- Opening Delimiter -

Lemma ext_sgn11C i j : i != j -> sgn [set i] [set j] * sgn [set j] [set i] = -1.
Proof.
move=> hij; rewrite !ext_sgn11.
by case: ltngtP => h; rewrite ?expr0 ?expr1 ?mulN1r ?mul1r //; move: hij; rewrite (ord_inj h) eqxx.
Qed.

Lemma ext_sgnK A B : sgn A B * sgn A B = 1.
Proof. by rewrite /ext_sgn -exprD -signr_odd oddD addbb. Qed.

Lemma ext_sgn_neq0 A B : sgn A B != 0.
Proof. by rewrite /ext_sgn expf_neq0 // oppr_eq0 oner_eq0. Qed.

Lemma ext_sgn0r A : sgn A set0 = 1.
Proof.
rewrite /ext_sgn -[RHS](expr0 (-1 : K)); congr (_ ^+ _); apply/eqP.
by rewrite cards_eq0; apply/eqP/setP => -[p q]; rewrite !inE andbF.
Qed.

Lemma wedgeDl a1 a2 b : wedge (a1 + a2) b = wedge a1 b + wedge a2 b.
Proof.
apply/ffunP => S; rewrite !ffunE -big_split /=; apply: eq_bigr => A _.
by rewrite extD; ring.
Qed.

Lemma wedgeDr a b1 b2 : wedge a (b1 + b2) = wedge a b1 + wedge a b2.
Proof.
apply/ffunP => S; rewrite !ffunE -big_split /=; apply: eq_bigr => A _.
by rewrite extD; ring.
Qed.

Lemma wedgeZl t a b : wedge (t *: a) b = t *: wedge a b.
Proof.
apply/ffunP => S; rewrite extZ !ffunE mulr_sumr; apply: eq_bigr => A _.
by rewrite extZ; ring.
Qed.

Lemma wedgeZr t a b : wedge a (t *: b) = t *: wedge a b.
Proof.
apply/ffunP => S; rewrite extZ !ffunE mulr_sumr; apply: eq_bigr => A _.
by rewrite extZ; ring.
Qed.

Lemma wedge0l b : wedge 0 b = 0.
Proof. by have := wedgeZl 0 0 b; rewrite !scale0r. Qed.

Lemma wedge0r a : wedge a 0 = 0.
Proof. by have := wedgeZr 0 a 0; rewrite !scale0r. Qed.
(* Let $n\in\mathbb{N}$ and let $K\subset\mathbb{R}^n$ be a strictly convex convex body (not necessarily $0$-symmetric). Then \[ G(K)\le 2\bigl(2^{n-1}-1\bigr)\left\lceil \tfrac{2}{3}\bigl(G(\operatorname{int}K)+1\bigr)\right\rceil + G(\operatorname{int}K)+2. \]
   Context: A convex body in $\mathbb{R}^n$ is a compact convex set with nonempty interior. It is strictly convex if its boundary contains no nondegenerate line segment. For $S\subset\mathbb{R}^n$, $G(S)=|S\cap\mathbb{Z}^n|$, and $\operatorname{int}K$ denotes the interior of $K$. $\lceil x\rceil$ is the smallest integer $\ge x$. *)

From Stdlib Require Import Reals Lra Lia ZArith List.
Open Scope R_scope.

(* Points of R^n are modelled as functions nat -> R vanishing at indices >= n. *)
Definition point := nat -> R.

Definition inRn (n : nat) (x : point) : Prop :=
  forall i : nat, (n <= i)%nat -> x i = 0.

Fixpoint sqdist (n : nat) (x y : point) : R :=
  match n with
  | O => 0
  | S m => sqdist m x y + (x m - y m) ^ 2
  end.

Definition seg (x y : point) (t : R) : point := fun i => t * x i + (1 - t) * y i.

Definition is_convex (n : nat) (K : point -> Prop) : Prop :=
  forall x y t, K x -> K y -> 0 <= t <= 1 -> K (seg x y t).

Definition is_bounded (n : nat) (K : point -> Prop) : Prop :=
  exists M : R, forall x, K x -> sqdist n x (fun _ => 0) <= M.

Definition is_closed (n : nat) (K : point -> Prop) : Prop :=
  forall x, inRn n x ->
    (forall eps, 0 < eps -> exists y, K y /\ sqdist n x y < eps) -> K x.

Definition int_pts (n : nat) (K : point -> Prop) (x : point) : Prop :=
  inRn n x /\ exists eps, 0 < eps /\
    forall y, inRn n y -> sqdist n x y < eps -> K y.

Definition convex_body (n : nat) (K : point -> Prop) : Prop :=
  (forall x, K x -> inRn n x) /\ is_convex n K /\ is_bounded n K /\
  is_closed n K /\ exists x, int_pts n K x.

Definition boundary (n : nat) (K : point -> Prop) (x : point) : Prop :=
  K x /\ ~ int_pts n K x.

Definition strictly_convex (n : nat) (K : point -> Prop) : Prop :=
  forall x y, x <> y ->
    ~ (forall t, 0 <= t <= 1 -> boundary n K (seg x y t)).

Definition lattice_point (n : nat) (x : point) : Prop :=
  inRn n x /\ forall i, (i < n)%nat -> exists z : Z, x i = IZR z.

Definition card (P : point -> Prop) (m : nat) : Prop :=
  exists l : list point, NoDup l /\ length l = m /\ forall x, List.In x l <-> P x.

Definition G_eq (n : nat) (S : point -> Prop) (m : nat) : Prop :=
  card (fun x => lattice_point n x /\ S x) m.

(* ceiling: up x is the integer with x < up x <= x + 1, so floor y = up y - 1
   and ceil x = - floor (- x) = 1 - up (- x). *)
Definition Rceil (x : R) : Z := (1 - up (- x))%Z.

From Stdlib Require Import Reals ZArith.
From Stdlib Require Import Lra Lia List Classical FunctionalExtensionality Sorting.Sorted.
Import ListNotations.
Open Scope R_scope.

(* Split the lattice points of K into the 2^n classes of Z^n modulo 2. Two distinct points of one
   class have a lattice midpoint, which is interior by strict convexity. Listing a class of m points
   lexicographically as x1 < ... < xm, the midpoints of (x1,x2), (x1,x3), (x2,x3), (x2,x4), (x3,x4), ...
   increase strictly, so 2m - 3 <= G(int K). Hence G(K) <= 2^n * floor((G(int K) + 3) / 2), and by one
   less when G(int K) is odd: a class attaining the bound is determined by the interior lattice points
   (its least point is m12 + m13 - m23 for the three least of them, or the class is that of the unique
   interior lattice point), so two classes cannot both attain it. The stated bound follows from
   floor((G(int K) + 3) / 2) <= ceil(2/3 (G(int K) + 1)). *)

Definition mid (x y : point) : point := seg x y (1/2).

- Closing Delimiter -

Beginning at the first line above, repeat exactly until the line containing "rewrite /ext_sgn -[RHS](expr0", which is included.

### Your response
Lemma ext_sgn11C i j : i != j -> sgn [set i] [set j] * sgn [set j] [set i] = -1.
Proof.
move=> hij; rewrite !ext_sgn11.
by case: ltngtP => h; rewrite ?expr0 ?expr1 ?mulN1r ?mul1r //; move: hij; rewrite (ord_inj h) eqxx.
Qed.

Lemma ext_sgnK A B : sgn A B * sgn A B = 1.
Proof. by rewrite /ext_sgn -exprD -signr_odd oddD addbb. Qed.

Lemma ext_sgn_neq0 A B : sgn A B != 0.
Proof. by rewrite /ext_sgn expf_neq0 // oppr_eq0 oner_eq0. Qed.

Lemma ext_sgn0r A : sgn A set0 = 1.
Proof.
rewrite /ext_sgn -[RHS](expr0 (-1 : K)); congr (_ ^+ _); apply/eqP.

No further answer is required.